Listed entries section start

(* Let $(X,d)$ be a metric space with $|X|=n$ and $k\in[n]$. The procedure $\mathtt{recMSD}(X,k)$ runs in time $n^{O(1)}$.
   Context: $\operatorname{diam}(S)=\max_{p,q\in S}d(p,q)$, $\operatorname{Ball}(x,R)=\{z\in X:d(x,z)\le R\}$, and the cost of a collection of clusters is the sum of their diameters. The randomized procedure $\mathtt{recMSD}(S,t)$ (for nonempty $S\subseteq X$, $t\in[k]$) is: set $\mathcal{C}_i\gets\{S\}$ for all $i\in\{1,\dots,t\}$; if $t=1$ or $|S|=1$, return $(\mathcal{C}_1,\dots,\mathcal{C}_t)$. Otherwise let $x,y\in S$ with $d(x,y)=\operatorname{diam}(S)$, choose $R\in[0,\operatorname{diam}(S)]$ uniformly at random, let $S_1=S\cap\operatorname{Ball}(x,R)$ and $S_2=S\setminus\operatorname{Ball}(x,R)$, compute $\mathcal{A}=\mathtt{recMSD}(S_1,t-1)$ and $\mathcal{B}=\mathtt{recMSD}(S_2,t-1)$; then for all $i,j\in\{1,\dots,t-1\}$ with $i+j\le t$, if $\operatorname{cost}(\mathcal{A}_i\cup\mathcal{B}_j)<\operatorname{cost}(\mathcal{C}_{i+j})$ set $\mathcal{C}_{i+j}\gets\mathcal{A}_i\cup\mathcal{B}_j$. Return $(\mathcal{C}_1,\dots,\mathcal{C}_t)$. *)

From HB Require Import structures.
From mathcomp Require Import all_boot all_order all_algebra.
Set Implicit Arguments. Unset Strict Implicit. Unset Printing Implicit Defensive.
Import Order.TTheory GRing.Theory Num.Theory.
Local Open Scope ring_scope.

Section RecMSD.
Variables (R : realFieldType) (T : finType) (d : T -> T -> R).

Definition is_metric : Prop :=
  [/\ forall x y, 0 <= d x y,
      forall x y, d x y = 0 <-> x = y,
      forall x y, d x y = d y x &
      forall x y z, d x z <= d x y + d y z].

(** diam(S) = max_{p,q in S} d(p,q)  (0 for the empty set) *)
Definition diam (S : {set T}) : R :=
  \big[Num.max/0]_(pq in setX S S) d pq.1 pq.2.

Definition ball_in (S : {set T}) (x : T) (r : R) : {set T} :=
  [set z in S | d x z <= r].

(** [pick S] returns the pair (x,y) used by the algorithm; we only require
    it to be a diametral pair of S whenever S is nonempty. *)
Definition diametral_picker (pick : {set T} -> T * T) : Prop :=
  forall S : {set T}, S != set0 ->
    [/\ (pick S).1 \in S, (pick S).2 \in S & d (pick S).1 (pick S).2 = diam S].

(** Cost of the local (non-recursive) work of one call recMSD(S,t):
    - initialising C_1..C_t : t
    - finding a diametral pair : |S|^2 distance evaluations
    - computing S1, S2 : |S|
    - for each of the <= t^2 pairs (i,j): computing cost(A_i u B_j)
      (sum of diameters of clusters partitioning S, <= |S|^2 distance
      evaluations) and one comparison. *)
Definition local_cost (S : {set T}) (t : nat) : nat :=
  (t + #|S| ^ 2 + #|S| + t ^ 2 * (#|S| ^ 2 + 1))%N.

(** Randomness: the uniformly random
    R in [0, diam S] is written R = u p * diam S, where p : seq bool is the
    position of the call in the recursion tree and 0 <= u p <= 1.
    Base case (t = 1 or |S| <= 1): cost t (initialisation) + 1 (test). *)
Fixpoint rec_time (pick : {set T} -> T * T) (u : seq bool -> R)
    (t : nat) (S : {set T}) (p : seq bool) {struct t} : nat :=
  match t with
  | 0 => 1%N
  | t'.+1 =>
      if (t' == 0%N) || (#|S| <= 1)%N then (t + 1)%N
      else
        let x := (pick S).1 in
        let r := u p * diam S in
        let S1 := ball_in S x r in
        let S2 := S :\: S1 in
        (local_cost S t + 1 + rec_time pick u t' S1 (rcons p false)
                           + rec_time pick u t' S2 (rcons p true))%N
  end.

End RecMSD.

From HB Require Import structures.
From mathcomp Require Import all_boot all_order all_algebra.
From mathcomp Require Import zify.
Import Order.TTheory GRing.Theory Num.Theory.
Local Open Scope ring_scope.

(* The two recursive calls of recMSD(S, t) split S into the disjoint sets S1
   and S2, and the recursion has depth t.  A call that recurses has |S| >= 2,
   so its local work M (polynomial in n) is absorbed by M |S| / 2; by induction
   on t the total time is at most M t |S| + t + 1 <= M k n + k + 1 = n^O(1).
   This holds for any splitting point and any radii. *)

Lemma local_cost_le (T : finType) (S : {set T}) (t m : nat) :
  (t <= m)%N -> (#|S| <= m)%N -> (local_cost S t + t <= 6 * m ^ 4)%N.
Proof.
rewrite /local_cost => le_tm le_Sm.
have sq_S : (#|S| ^ 2 <= m ^ 2)%N by rewrite leq_exp2r.
have sq_t : (t ^ 2 <= m ^ 2)%N by rewrite leq_exp2r.
have pairs : (t ^ 2 * (#|S| ^ 2 + 1) <= m ^ 4 + m ^ 2)%N.
  have -> : (m ^ 4 + m ^ 2 = m ^ 2 * (m ^ 2 + 1))%N by rewrite mulnDr muln1 -expnD.
  by rewrite leq_mul ?leq_add2r.
have [m0|m_gt0] := posnP m; first by subst m; lia.
have m_le4 : (m <= m ^ 4)%N by rewrite -{1}(expn1 m) leq_pexp2l.
have m2_le4 : (m ^ 2 <= m ^ 4)%N by rewrite leq_pexp2l.
lia.
Qed.

Section RecTime.
Context {R : realFieldType} {T : finType} (d : T -> T -> R).

Lemma card_ball_in_split (S : {set T}) (x : T) (r : R) :
  #|S| = (#|ball_in d S x r| + #|S :\: ball_in d S x r|)%N.
Proof.
have sub_ball : ball_in d S x r \subset S.
  by apply/subsetP => z; rewrite inE => /andP[].
by rewrite -(cardsID (ball_in d S x r) S) (setIidPr sub_ball).
Qed.

Variables (pick : {set T} -> T * T) (u : seq bool -> R).

Lemma rec_time_le (t0 M : nat) :
  (forall (S : {set T}) t, (t <= t0)%N -> (local_cost S t + t <= M)%N) ->
  forall t, (t <= t0)%N -> forall S p,
  (rec_time d pick u t S p <= M * t * #|S| + t + 1)%N.
Proof.
move=> local_le; elim=> [|t IH] le_t S p /=; first by rewrite muln0 mul0n.
case: ifP => [_|/norP[_]]; first by lia.
rewrite -ltnNge => S_ge2.
have splitS := card_ball_in_split S (pick S).1 (u p * diam d S).
set S1 := ball_in _ _ _ _ in splitS *.
have le1 := IH (ltnW le_t) S1 (rcons p false).
have le2 := IH (ltnW le_t) (S :\: S1) (rcons p true).
have local := local_le S t.+1 le_t.
have absorb : (M * 2 <= M * #|S|)%N by rewrite leq_mul2l S_ge2 orbT.
have -> : (M * t.+1 * #|S| = M * t * #|S1| + M * t * #|S :\: S1| + M * #|S|)%N.
  by rewrite [in LHS]splitS; nia.
lia.
Qed.

End RecTime.

Theorem lemma3 :
  exists c : nat,
  forall (R : realFieldType) (T : finType) (d : T -> T -> R)
         (pick : {set T} -> T * T) (u : seq bool -> R) (k : nat),
    is_metric d ->
    diametral_picker d pick ->
    (forall p, 0 <= u p <= 1) ->
    (1 <= k <= #|T|)%N ->
    (rec_time d pick u k [set: T] [::] <= c * #|T| ^ c)%N.
Proof.
exists 8%N => R T d pick u k _ _ _ /andP[k_gt0 le_kn].
set n := #|T|.
have n_gt0 : (0 < n)%N by apply: leq_trans le_kn.
have local_le (S : {set T}) t : (t <= n)%N -> (local_cost S t + t <= 6 * n ^ 4)%N.
  by move=> le_tn; apply: local_cost_le le_tn (max_card _).
have := rec_time_le d pick u _ _ local_le _ le_kn [set: T] [::].
rewrite cardsT -/n => /leq_trans; apply.
have work : (6 * n ^ 4 * k * n <= 6 * n ^ 6)%N.
  have -> : (n ^ 6 = n ^ 4 * n * n)%N by rewrite -!expnSr.
  by rewrite -!mulnA !leq_mul2l leq_mul2r le_kn !orbT.
have n_le6 : (n <= n ^ 6)%N by rewrite -{1}(expn1 n) leq_pexp2l.
have one_le6 : (1 <= n ^ 6)%N by rewrite expn_gt0 n_gt0.
have n6_le8 : (n ^ 6 <= n ^ 8)%N by rewrite leq_pexp2l.
lia.
Qed.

Listed entries section end

[Exercise brief] There is a line with "have sq_t : (t" and a line with "have [m0|m_gt0] := posnP" above. Copy exactly those two lines and all lines between them, with nothing else.

[Solution to this problem]
have sq_t : (t ^ 2 <= m ^ 2)%N by rewrite leq_exp2r.
have pairs : (t ^ 2 * (#|S| ^ 2 + 1) <= m ^ 4 + m ^ 2)%N.
  have -> : (m ^ 4 + m ^ 2 = m ^ 2 * (m ^ 2 + 1))%N by rewrite mulnDr muln1 -expnD.
  by rewrite leq_mul ?leq_add2r.
have [m0|m_gt0] := posnP m; first by subst m; lia.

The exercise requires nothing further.